EXERCISE OBJECTIVE:
Scan the records for lines with the word "Prop", and copy every such line.

(INPUT DATA Opens)

Lemma dnz_tilde_cool t : 0 <= t -> t <= freezing_point G -> dnz (tilde_cool G t).
Proof.
move=> t_ge0 le_t; have /dnzE[dic _ _ DL DR] := dnzG; apply/dnzE; split.
- by rewrite leftopts_tilde_cool rightopts_tilde_cool /nilp !size_map.
- exact: Rs_le_Ls_tilde_cool.
- by rewrite leftopts_tilde_cool /nilp size_map; case: (leftopts G) leftopts_neq_nil.
- rewrite leftopts_tilde_cool => _ /List.in_map_iff[g [<- g_opt]].
  by have [dnz_cool _ _ _ _] := IHL g_opt; apply/dnz_shift/dnz_cool.
- rewrite rightopts_tilde_cool => _ /List.in_map_iff[g [<- g_opt]].
  by have [dnz_cool _ _ _ _] := IHR g_opt; apply/dnz_shift/dnz_cool.
Qed.

Lemma cool_lipschitz_nonnum : cool_lipschitz G.
Proof.
have [fp_ge0 eq_fp] := freezing_pointP.
move=> s t s_ge0 le_st; rewrite !cool_nonnum.
have [le_t|lt_t] := lerP t (freezing_point G).
  rewrite (le_trans le_st le_t).
  have := Ls_tilde_cool_lipschitz s_ge0 le_st; have := Rs_tilde_cool_lipschitz s_ge0 le_st.
  by split; lra.
rewrite frozen_value_nonnum.
have [le_s|lt_s] := lerP s (freezing_point G); last by split; lra.
have := Ls_tilde_cool_lipschitz s_ge0 le_s; have := Rs_tilde_cool_lipschitz s_ge0 le_s.
by split; lra.
Qed.

Lemma Ls_Rs_cool_frozen_nonnum t : freezing_point G <= t ->
  Ls (cool G t) = frozen_value G /\ Rs (cool G t) = frozen_value G.
Proof.
move=> le_t; rewrite cool_nonnum frozen_value_nonnum.
have [ge_t|_] := lerP t (freezing_point G); last by split.
have -> : t = freezing_point G by apply/le_anti/andP.
by have [_ ->] := freezing_pointP.
Qed.

Lemma options_bounded_nonnum : options_bounded G.
Proof.
have [fp_ge0 eq_fp] := freezing_pointP.
move=> t le_t; rewrite frozen_value_nonnum; split=> g g_opt.
  have := Ls_tilde_cool_ub t g_opt; have := Ls_tilde_cool_lipschitz fp_ge0 le_t; lra.
have := Rs_tilde_cool_lb t g_opt; have := Rs_tilde_cool_lipschitz fp_ge0 le_t; lra.
Qed.

Lemma cooling_spec_nonnum : cooling_spec G.
Proof.
have [fp_ge0 _] := freezing_pointP.
split.
- move=> t t_ge0; rewrite cool_nonnum; case: ifP => [le_t|_]; last exact: dnz_gnum.
  exact: dnz_tilde_cool.
- exact: cool_lipschitz_nonnum.
- by rewrite cool_nonnum fp_ge0; apply: Ls_Rs_tilde_cool0.
- by rewrite temperatureE (negbTE nnumG).
- split=> [t|_]; last exact: options_bounded_nonnum.
  by rewrite temperatureE (negbTE nnumG); apply: Ls_Rs_cool_frozen_nonnum.
Qed.

End NonNumber.

Lemma cooling_spec_dnz G : dnz G -> cooling_spec G.
Proof.
elim/game_opts_ind: G => G IHL IHR dnzG.
have [num|nnum] := boolP (is_num G); first exact: cooling_spec_num.
apply: cooling_spec_nonnum => // g g_opt.
  exact: IHL g_opt (dnz_leftopt dnzG g_opt).
exact: IHR g_opt (dnz_rightopt dnzG g_opt).
Qed.

Lemma dnz_cool G t : dnz G -> 0 <= t -> dnz (cool G t).
Proof. by move/cooling_spec_dnz=> [+ _ _ _ _]; apply. Qed.

Lemma temperature_ge0 G : dnz G -> 0 <= temperature G.
Proof. by case/cooling_spec_dnz. Qed.

Lemma Ls_Rs_cool_frozen G t : dnz G -> temperature G <= t ->
  Ls (cool G t) = frozen_value G /\ Rs (cool G t) = frozen_value G.
Proof. by move/cooling_spec_dnz=> [_ _ _ _ [+ _]]; apply. Qed.

Lemma leftopt_cool_le_frozen G g t : dnz G -> ~~ is_num G -> freezing_point G <= t ->
  List.In g (leftopts G) -> Rs (cool g t) - t <= frozen_value G.
Proof. by move=> /cooling_spec_dnz[_ _ _ _ [_ bnd]] /bnd /[apply] -[+ _]; apply. Qed.

Lemma rightopt_cool_ge_frozen G g t : dnz G -> ~~ is_num G -> freezing_point G <= t ->
  List.In g (rightopts G) -> frozen_value G <= Ls (cool g t) + t.
Proof. by move=> /cooling_spec_dnz[_ _ _ _ [_ bnd]] /bnd /[apply] -[_ +]; apply. Qed.

End CoolingSpec.

(** * Cooling a sum *)

Section CooledSums.
Variable R : realType.
Local Notation game := (game R).
Local Notation shift := (@Defs.shift R).
Implicit Types (g h x : game) (a c t : R) (Hs P Q Y : seq game).

Definition cool_seq t Hs := [seq cool h t | h <- Hs].
(* For every class of closed formulas $\mathbb{P}$ and every $n$, every safety problem provable in $\mathbf{FBI}^{\mathbb{P}}_n$ is also provable in $\mathbf{F}^{\mathbb{P}_n}$, where $\mathbb{P}_n$ consists of all Boolean combinations of at most $n$ predicates from $\mathbb{P}$. Moreover, for every $n>0$ there exist a class of predicates $\mathbb{P}$ and a safety problem $\Pi$ such that $\Pi$ is provable in $\mathbf{FBI}^{\mathbb{P}}_n$ but is provable in none of $\mathbf{FBI}^{\mathbb{P}}_{n-1}$, $\mathbf{FI}^{\mathbb{P}}$, $\mathbf{F}^{\mathbb{P}}$.
   Context: A first-order vocabulary $\Sigma$ consists of constant, function and relation symbols; $\Sigma'=\{a' : a\in\Sigma\}$ is a disjoint copy, and for a formula $\varphi$ over $\Sigma$, $\varphi'$ denotes $\varphi$ with every symbol replaced by its primed copy. A safety problem is a triple $(\iota,\tau,\beta)$, where $\iota,\beta$ are closed formulas over $\Sigma$ and $\tau$ is a closed formula over $\Sigma\uplus\Sigma'$. $A\Rightarrow B$ means the implication $A\to B$ is valid. $\tau^{-1}$ denotes $\tau$ with each symbol of $\Sigma$ and its primed counterpart swapped. Proofs: a proof of $\Pi$ in a system is a finite tree whose nodes are safety problems, whose root is $\Pi$, and in which each node together with its children is an instance of one of the system's rules, with side conditions valid. Rules ($\varphi$ ranges over closed formulas over $\Sigma$): (Ind): no premises; conclusion $(\iota,\tau,\neg\varphi)$; side conditions $\iota\Rightarrow\varphi$ and $\varphi\wedge\tau\Rightarrow\varphi'$. (Cons): premise $(\iota,\tau,\neg\varphi)$; conclusion $(\iota,\tau,\beta)$; side condition $\varphi\Rightarrow\neg\beta$. (Inc): premises $(\iota,\tau,\neg\varphi)$ and $(\iota\wedge\varphi,\ \tau\wedge\varphi\wedge\varphi',\ \beta\wedge\varphi)$; conclusion $(\iota,\tau,\beta)$. (Rev): premise $(\beta,\tau^{-1},\iota)$; conclusion $(\iota,\tau,\beta)$. $\mathbf{F}=\{$Ind, Cons$\}$, $\mathbf{FI}=\mathbf{F}\cup\{$Inc$\}$, $\mathbf{FBI}=\mathbf{FI}\cup\{$Rev$\}$. For a class of closed formulas $\mathbb{P}$, $X^{\mathbb{P}}$ denotes system $X$ with applications of (Ind) restricted to $\varphi\in\mathbb{P}$, and $X^{\mathbb{P}}_n$ further restricts proofs to at most $n$ applications of (Ind). *)

From Stdlib Require Import List Arith.
Import ListNotations.

Record sig : Type := Sig {
  fsym : Type;
  rsym : Type;
  far : fsym -> nat;
  rar : rsym -> nat
}.

(* Sigma (+) Sigma' : inl = unprimed symbol, inr = primed copy. *)
Definition sig2 (S : sig) : sig :=
  {| fsym := fsym S + fsym S;
     rsym := rsym S + rsym S;
     far := fun f => match f with inl g | inr g => far S g end;
     rar := fun r => match r with inl g | inr g => rar S g end |}.

Inductive term (S : sig) : Type :=
| Var : nat -> term S
| App : fsym S -> list (term S) -> term S.
Arguments Var {S}. Arguments App {S}.

Inductive formula (S : sig) : Type :=
| FTrue : formula S
| FFalse : formula S
| FRel : rsym S -> list (term S) -> formula S
| FEq : term S -> term S -> formula S
| FNot : formula S -> formula S
| FAnd : formula S -> formula S -> formula S
| FOr : formula S -> formula S -> formula S
| FImp : formula S -> formula S -> formula S
| FAll : nat -> formula S -> formula S
| FEx : nat -> formula S -> formula S.
Arguments FTrue {S}. Arguments FFalse {S}. Arguments FRel {S}.
Arguments FEq {S}. Arguments FNot {S}. Arguments FAnd {S}.
Arguments FOr {S}. Arguments FImp {S}. Arguments FAll {S}. Arguments FEx {S}.

Fixpoint wf_term {S : sig} (t : term S) : Prop :=
  match t with
  | Var _ => True
  | App f args =>
      length args = far S f /\
      (fix wl (l : list (term S)) : Prop :=
         match l with [] => True | u :: l' => wf_term u /\ wl l' end) args
  end.

Fixpoint wf {S : sig} (p : formula S) : Prop :=
  match p with
  | FTrue | FFalse => True
  | FRel r args => length args = rar S r /\ Forall wf_term args
  | FEq t u => wf_term t /\ wf_term u
  | FNot a => wf a
  | FAnd a b | FOr a b | FImp a b => wf a /\ wf b
  | FAll _ a | FEx _ a => wf a
  end.

Fixpoint fv_term {S : sig} (t : term S) : list nat :=
  match t with
  | Var x => [x]
  | App _ args =>
      (fix fl (l : list (term S)) : list nat :=
         match l with [] => [] | u :: l' => fv_term u ++ fl l' end) args
  end.

Fixpoint fv {S : sig} (p : formula S) : list nat :=
  match p with
  | FTrue | FFalse => []
  | FRel _ args => flat_map fv_term args
  | FEq t u => fv_term t ++ fv_term u
  | FNot a => fv a
  | FAnd a b | FOr a b | FImp a b => fv a ++ fv b
  | FAll x a | FEx x a => filter (fun y => negb (Nat.eqb y x)) (fv a)
  end.

Definition closed {S : sig} (p : formula S) : Prop := wf p /\ fv p = [].

(* Structures (nonempty domain). Function/relation symbols are interpreted
   on argument lists; on well-formed formulas only lists of the correct
   length are ever used. *)
Record structure (S : sig) : Type := Struct {
  dom : Type;
  dom_inh : dom;
  ifun : fsym S -> list dom -> dom;
  irel : rsym S -> list dom -> Prop
}.
Arguments dom {S}. Arguments ifun {S}. Arguments irel {S}.

Definition upd {D : Type} (e : nat -> D) (x : nat) (d : D) : nat -> D :=
  fun y => if Nat.eqb y x then d else e y.

Fixpoint eval {S : sig} (M : structure S) (e : nat -> dom M) (t : term S)
  : dom M :=
  match t with
  | Var x => e x
  | App f args => ifun M f (map (eval M e) args)
  end.

Fixpoint sat {S : sig} (M : structure S) (e : nat -> dom M) (p : formula S)
  : Prop :=
  match p with
  | FTrue => True
  | FFalse => False
  | FRel r args => irel M r (map (eval M e) args)
  | FEq t u => eval M e t = eval M e u
  | FNot a => ~ sat M e a
  | FAnd a b => sat M e a /\ sat M e b
  | FOr a b => sat M e a \/ sat M e b
  | FImp a b => sat M e a -> sat M e b
  | FAll x a => forall d : dom M, sat M (upd e x d) a
  | FEx x a => exists d : dom M, sat M (upd e x d) a
  end.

(INPUT DATA Closes)

SOLUTION:
Fixpoint wf_term {S : sig} (t : term S) : Prop :=
      (fix wl (l : list (term S)) : Prop :=
Fixpoint wf {S : sig} (p : formula S) : Prop :=
Definition closed {S : sig} (p : formula S) : Prop := wf p /\ fv p = [].
  irel : rsym S -> list dom -> Prop
  : Prop :=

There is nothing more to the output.